### Imports

In [3]:
import requests
from bs4 import BeautifulSoup
import pandas as pd
import json
import time

### Woolworths weekly catalogue scraper

In [4]:
# api endpoint to get category list (use "view" endpoint)
url_view = "https://embed.salefinder.com.au/productlist/view/62107/"
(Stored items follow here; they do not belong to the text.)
(* Let $d,k\in\mathbb{N}$ with $k\ge2$ and $d>2k$, and put $n=d-2k$. Let $\phi=\alpha\phi_1+\beta\phi_2$ with $\alpha,\beta>0$. Then every point $\mathbf{z}\in\Lambda_1$ with $\phi[\mathbf{z}]=\min\{\phi[\mathbf{u}]:\mathbf{u}\in\Lambda_1\}$ satisfies $|\mathbf{z}\cdot\mathbf{j}|\le\frac dn$; and if such a minimal $\mathbf{z}$ satisfies $|\mathbf{z}\cdot\mathbf{j}|=\frac dn$, then $\mathbf{z}\in\{\frac{\mathbf{j}}{n},-\frac{\mathbf{j}}{n}\}$.
   Context: $\mathbf{e}_1,\dots,\mathbf{e}_d$ is the standard basis of $\mathbb{R}^d$, $\mathbf{j}=(1,\dots,1)$. $L^1$ is the set of vectors in $\mathbb{Z}^d$ with $k$ coordinates $-1$ and $d-k$ coordinates $1$; $\Lambda$ is the $\mathbb{Z}$-span of $\mathbf{e}_1,\dots,\mathbf{e}_d,\frac{\mathbf{j}}{n}$; $\Lambda_1=\{\mathbf{z}\in\Lambda:\ \mathbf{z}\cdot\boldsymbol{\ell}\equiv1\pmod2\ \forall\boldsymbol{\ell}\in L^1\}$. $\phi_1[\mathbf{x}]=(\sum_ix_i)^2$, $\phi_2[\mathbf{x}]=\bigl|\mathbf{x}-\frac{\sum_ix_i}{d}\mathbf{j}\bigr|^2$. *)

From HB Require Import structures.
From mathcomp Require Import all_boot all_order all_algebra.
From mathcomp Require Import reals.
Set Implicit Arguments. Unset Strict Implicit. Unset Printing Implicit Defensive.
Import Order.TTheory GRing.Theory Num.Theory.
Local Open Scope ring_scope.

Section Defs.
Variable R : realType.

Definition jv (d : nat) : 'rV[R]_d := const_mx 1.

Definition dotv (d : nat) (u v : 'rV[R]_d) : R := \sum_(i < d) u 0 i * v 0 i.

Definition inL1 (d k : nat) (l : 'rV[R]_d) : Prop :=
  (forall i, l 0 i = 1 \/ l 0 i = -1) /\ #|[set i | l 0 i == -1]| = k.

Definition inLam (d n : nat) (z : 'rV[R]_d) : Prop :=
  exists (m : 'I_d -> int) (t : int),
    z = \row_(i < d) ((m i)%:~R + t%:~R * (n%:R)^-1 * jv d 0 i).

Definition inLam1 (d k n : nat) (z : 'rV[R]_d) : Prop :=
  inLam n z /\
  forall l : 'rV[R]_d, inL1 k l -> exists q : int, dotv z l = (2 * q + 1)%:~R.

Definition phi1 (d : nat) (x : 'rV[R]_d) : R := (\sum_(i < d) x 0 i) ^+ 2.

Definition phi2 (d : nat) (x : 'rV[R]_d) : R :=
  let w := x - ((\sum_(i < d) x 0 i) / d%:R) *: jv d in dotv w w.

Definition phi (d : nat) (a b : R) (x : 'rV[R]_d) : R := a * phi1 x + b * phi2 x.

End Defs.

(** Comparing with [j/n], which lies in [Lambda_1] and has [phi2 = 0] and
    [j/n . j = d/n], a minimiser [z] satisfies
    [a (z.j)^2 <= phi z <= phi (j/n) = a (d/n)^2], whence [|z.j| <= d/n].
    In case of equality [phi2 z = 0], so [z] is a multiple of [j], which the
    value of [z.j] pins down to [j/n] or [-j/n]. *)
From HB Require Import structures.
From mathcomp Require Import all_boot all_order all_algebra.
From mathcomp Require Import reals.
From mathcomp Require Import ring lra.
Set Implicit Arguments. Unset Strict Implicit. Unset Printing Implicit Defensive.
Import Order.TTheory GRing.Theory Num.Theory.
Local Open Scope ring_scope.

Section Quadratic.
Variables (R : realType) (d : nat).
Implicit Types (x w : 'rV[R]_d) (c : R).

Lemma dotv_jv x : dotv x (jv R d) = \sum_(i < d) x 0 i.
Proof. by apply: eq_bigr => i _; rewrite mxE mulr1. Qed.

Lemma sum_scale_jv c : \sum_(i < d) (c *: jv R d) 0 i = c * d%:R.
Proof.
rewrite (eq_bigr (fun=> c)) => [|i _]; last by rewrite !mxE mulr1.
by rewrite sumr_const card_ord mulr_natr.
Qed.

Lemma dotv_self_ge0 w : 0 <= dotv w w.
Proof. by apply: sumr_ge0 => i _; rewrite -expr2 sqr_ge0. Qed.

Lemma dotv_self_eq0 w : dotv w w = 0 -> w = 0.
Proof.
move=> /psumr_eq0P w0; apply/matrixP => i j; rewrite (ord1 i) mxE.
have /eqP := w0 (fun j _ => sqr_ge0 (w 0 j)) j isT.
by rewrite mulf_eq0 orbb => /eqP.
Qed.

Lemma phi2_ge0 x : 0 <= phi2 x.
Proof. exact: dotv_self_ge0. Qed.

Lemma phi2_eq0 x : phi2 x = 0 -> x = ((\sum_(i < d) x 0 i) / d%:R) *: jv R d.
Proof. by move/dotv_self_eq0/eqP; rewrite subr_eq0 => /eqP. Qed.

(* Each index [i : 'I_d] witnesses [d > 0], so no hypothesis on [d] is needed. *)
Lemma phi2_scale_jv c : phi2 (c *: jv R d) = 0.
Proof.
rewrite /phi2 sum_scale_jv /dotv big1 // => i _.
have d_neq0 : d%:R != 0 :> R by rewrite pnatr_eq0 -lt0n (leq_ltn_trans _ (ltn_ord i)).
by rewrite !mxE !mulr1 mulfK // subrr mul0r.
Qed.

Lemma phi_scale_jv a b c : phi a b (c *: jv R d) = a * (c * d%:R) ^+ 2.
Proof. by rewrite /phi /phi1 sum_scale_jv phi2_scale_jv mulr0 addr0. Qed.

Lemma phi1_le_phi a b x : 0 <= b -> a * phi1 x <= phi a b x.
Proof. by move=> b_ge0; rewrite lerDl mulr_ge0 ?phi2_ge0. Qed.

End Quadratic.

Section Lattice.
Variables (R : realType) (d k : nat).

Lemma sum_inL1 (l : 'rV[R]_d) : inL1 k l -> \sum_(i < d) l 0 i = d%:R - 2 * k%:R.
Proof.
move=> [l_pm1 card_neg].
have -> : \sum_(i < d) l 0 i = \sum_(i < d) (1 - 2 * (l 0 i == -1)%:R).
  apply: eq_bigr => i _; case: (l_pm1 i) => ->; last by rewrite eqxx /=; lra.
  have /negbTE -> : 1 != -1 :> R by rewrite -subr_eq0 opprK -mulr2n pnatr_eq0.
  rewrite /=; lra.
rewrite sumrB sumr_const card_ord -mulr_sumr -card_neg -sum1_card natr_sum.
congr (_ - 2 * _); rewrite [RHS]big_mkcond; apply: eq_bigr => i _.
by rewrite inE; case: eqP.
Qed.

Lemma scale_jv_inLam1 :
  (2 * k < d)%N -> inLam1 k (d - 2 * k) (((d - 2 * k)%:R)^-1 *: jv R d).
Proof.
move=> hd; have n_gt0 : (0 < d - 2 * k)%N by rewrite subn_gt0.
split.
  by exists (fun=> 0), 1; apply/rowP => i; rewrite !mxE add0r mul1r.
move=> l /sum_inL1 sum_l; exists 0; rewrite mulr0 add0r.
rewrite /dotv (eq_bigr (fun i => (d - 2 * k)%:R^-1 * l 0 i)) => [|i _]; last first.
  by rewrite !mxE mulr1.
have n_eq : (d - 2 * k)%:R = d%:R - 2 * k%:R :> R by rewrite natrB ?natrM // ltnW.
by rewrite -mulr_sumr sum_l -n_eq mulVf // pnatr_eq0 -lt0n.
Qed.

End Lattice.

Theorem lemma3 (R : realType) (d k : nat) (hk : (2 <= k)%N) (hd : (2 * k < d)%N)
  (a b : R) (ha : 0 < a) (hb : 0 < b) (z : 'rV[R]_d)
  (hz : inLam1 k (d - 2 * k) z)
  (hmin : forall u : 'rV[R]_d, inLam1 k (d - 2 * k) u -> phi a b z <= phi a b u) :
  `|dotv z (jv R d)| <= d%:R / (d - 2 * k)%:R /\
  (`|dotv z (jv R d)| = d%:R / (d - 2 * k)%:R ->
     z = ((d - 2 * k)%:R)^-1 *: jv R d \/ z = - (((d - 2 * k)%:R)^-1 *: jv R d)).
Proof.
set N : R := (d - 2 * k)%:R; set D : R := d%:R; set c := D / N.
have N_gt0 : 0 < N by rewrite ltr0n subn_gt0.
have D_gt0 : 0 < D by rewrite ltr0n (leq_ltn_trans _ hd).
have c_gt0 : 0 < c by rewrite divr_gt0.
have phi_z_le : phi a b z <= a * c ^+ 2.
  by rewrite /c [D / N]mulrC -(phi_scale_jv d a b); exact/hmin/scale_jv_inLam1.
rewrite dotv_jv; set s := \sum_(i < d) z 0 i.
have phi_z_ge := phi1_le_phi a z (ltW hb); rewrite /phi1 -/s in phi_z_ge.
have s_norm2 : `|s| ^+ 2 = s ^+ 2 by rewrite real_normK ?num_real.
have s2_le : s ^+ 2 <= c ^+ 2 by rewrite -(ler_pM2l ha); lra.
split; first by have := normr_ge0 s; nra.
move=> s_norm; have phi2_z0 : phi2 z = 0.
  apply/eqP; rewrite eq_le phi2_ge0 andbT -(pmulr_rle0 _ hb).
  by move: phi_z_le; rewrite /phi /phi1 -/s -s_norm2 s_norm; lra.
rewrite (phi2_eq0 phi2_z0) -/s -/D -scaleNr.
have [s_ge0|s_lt0] := lerP 0 s; [left|right]; congr (_ *: _).
- by rewrite -(ger0_norm s_ge0) s_norm /c; field; lra.
- by rewrite -(opprK s) -(ltr0_norm s_lt0) s_norm /c; field; lra.
Qed.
# parameters for the request
params = {
    'locationId': '4679',
    'token': '570f5c4a44505b5f51477f531a03180a0e0b1c1362352b2e21363226253968717d7a787d6468626562612b',
    'saleGroup': '0',
    'rows_per_page': '10',
}

# headers to make our request look like a real browser
headers = {
    'User-Agent': 'Mozilla/5.0 (Windows NT 10.0; Win64; x64) AppleWebKit/537.36',
    'Accept': '*/*',
}

# fetch the main catalogue page
response = requests.get(url_view, params=params, headers=headers)
json_text = response.text.strip()[1:-1]
data = json.loads(json_text)

print(f"Fetched: {data['saleName']}")
print(f"Valid: {data['startDate']} to {data['endDate']}\n")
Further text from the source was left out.